» Saved data entries
==*==

(* Let $\mathcal{C}\subset\mathbb{R}^n$ be a nonempty compact convex set with Euclidean diameter $D$, let $f$ be continuously differentiable with $\nabla f$ $L$-Lipschitz on $\mathcal{C}$, $f^\star=\min_{\mathcal{C}}f$, and $F_0=f(x^0)-f^\star$. Let $T\in\mathbb{N}$ and let $\{x^t\}_{t=0}^{T}$ be generated by the Boosted Frank–Wolfe algorithm described in the context with $m^t=\nabla f(x^t)$ and constant step decay $\eta_t=\frac1{\sqrt{T+1}}$. Then $$\min_{0\le t\le T}\langle\nabla f(x^t),x^t-s^t\rangle\le\frac{F_0+\frac{LD^2}{2}}{\sqrt{T+1}},$$ where $s^t=\mathrm{lmo}(\nabla f(x^t))$.
   Context: Euclidean norms; $D=\max_{x,y\in\mathcal{C}}\|x-y\|$. $\mathrm{lmo}(v)$ denotes a (fixed selection of a) point of $\arg\min_{s\in\mathcal{C}}\langle s,v\rangle$. $\mathrm{align}(d,\hat d)=\frac{\langle d,\hat d\rangle}{\|d\|\|\hat d\|}$ if $\hat d\ne0$, $-1$ if $\hat d=0$. Algorithm: inputs $K\ge1$, $\delta\in(0,1]$, step decays $\eta_t>0$, a vector $m^{\rm init}$; $x^0=\mathrm{lmo}(m^{\rm init})$. At iteration $t$ a vector $m^t$ is formed. Boosting: $\psi^0=0$, $\Lambda_t=0$, $k=0$; while $k\le K-1$: $r^k=-m^t-\psi^k$, $v^k=\mathrm{lmo}(-r^k)$; if $k=0$, $s^t=v^0$; if $\psi^k\ne0$, $u^k$ is whichever of $v^k-x^t$, $-\psi^k/\|\psi^k\|$ has the larger inner product with $r^k$, else $u^k=v^k-x^t$; if $u^k=0$ stop; $\lambda_k=\langle r^k,u^k\rangle/\|u^k\|^2$, $\phi^k=\psi^k+\lambda_ku^k$; if $\mathrm{align}(-m^t,\phi^k)-\mathrm{align}(-m^t,\psi^k)\ge\delta$ then $\psi^{k+1}=\phi^k$, $\Lambda_t\leftarrow\Lambda_t+\lambda_k$ if $u^k=v^k-x^t$ and $\Lambda_t\leftarrow\Lambda_t(1-\lambda_k/\|\psi^k\|)$ otherwise, $k\leftarrow k+1$; else stop. With $\psi$ the last accepted candidate, $\tilde d^t=\psi/\Lambda_t$ if $\Lambda_t\ne0$, else $0$. $\gamma_t=\min\{\eta_t\|s^t-x^t\|/\|\tilde d^t\|,1\}$ if $\tilde d^t\ne0$, else $1$. If $\gamma_t<1$: $x^{t+1}=x^t+\gamma_t\tilde d^t$; otherwise $x^{t+1}=x^t+\eta_t(s^t-x^t)$. *)

From HB Require Import structures.
From mathcomp Require Import all_boot all_order all_algebra.
From mathcomp Require Import all_classical all_reals all_analysis.
Set Implicit Arguments. Unset Strict Implicit. Unset Printing Implicit Defensive.
Import Order.TTheory GRing.Theory Num.Theory.
Import numFieldNormedType.Exports.
Local Open Scope classical_set_scope.
Local Open Scope ring_scope.

Section BFW.
Variables (R : realType) (n : nat).
Notation vec := 'rV[R]_n.

Definition dot (u v : vec) : R := \sum_(i < n) u ord0 i * v ord0 i.
Definition enorm (u : vec) : R := Num.sqrt (dot u u).

Definition align (d dh : vec) : R :=
  if dh == 0 then -1 else dot d dh / (enorm d * enorm dh).

Definition is_diameter (C : set vec) (D : R) : Prop :=
  (exists x y, C x /\ C y /\ enorm (x - y) = D) /\
  (forall x y, C x -> C y -> enorm (x - y) <= D).

Definition is_min_value (f : vec -> R) (C : set vec) (fstar : R) : Prop :=
  (exists x, C x /\ f x = fstar) /\ (forall x, C x -> fstar <= f x).

Definition is_lmo (C : set vec) (lmo : vec -> vec) : Prop :=
  forall v, C (lmo v) /\ forall s, C s -> dot (lmo v) v <= dot s v.

(* The boosting loop (at most [fuel] more iterations).  State: psi^k, Lambda_t.
   Inputs: m = m^t, x = x^t.  Returns (last accepted psi, Lambda_t). *)
Fixpoint boost (lmo : vec -> vec) (delta : R) (m x : vec) (fuel : nat)
    (psi : vec) (Lam : R) : vec * R :=
  match fuel with
  | 0%N => (psi, Lam)
  | fuel'.+1 =>
    let r := - m - psi in
    let v := lmo (- r) in
    let fw := v - x in
    let aw := - ((enorm psi)^-1 *: psi) in
    (* is_fw = true iff u^k = v^k - x^t (ties broken towards v^k - x^t) *)
    let is_fw := ~~ ((psi != 0) && (dot r fw < dot r aw)) in
    let u := if is_fw then fw else aw in
    if u == 0 then (psi, Lam) else
    let lam := dot r u / (enorm u ^+ 2) in
    let phi := psi + lam *: u in
    if delta <= align (- m) phi - align (- m) psi then
      boost lmo delta m x fuel' phi
        (if is_fw then Lam + lam else Lam * (1 - lam / enorm psi))
    else (psi, Lam)
  end.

==*==

» About this exercise
Go through the records and show every line with the string "mathcomp" in it.

» Solved problem
From mathcomp Require Import all_boot all_order all_algebra.
From mathcomp Require Import all_classical all_reals all_analysis.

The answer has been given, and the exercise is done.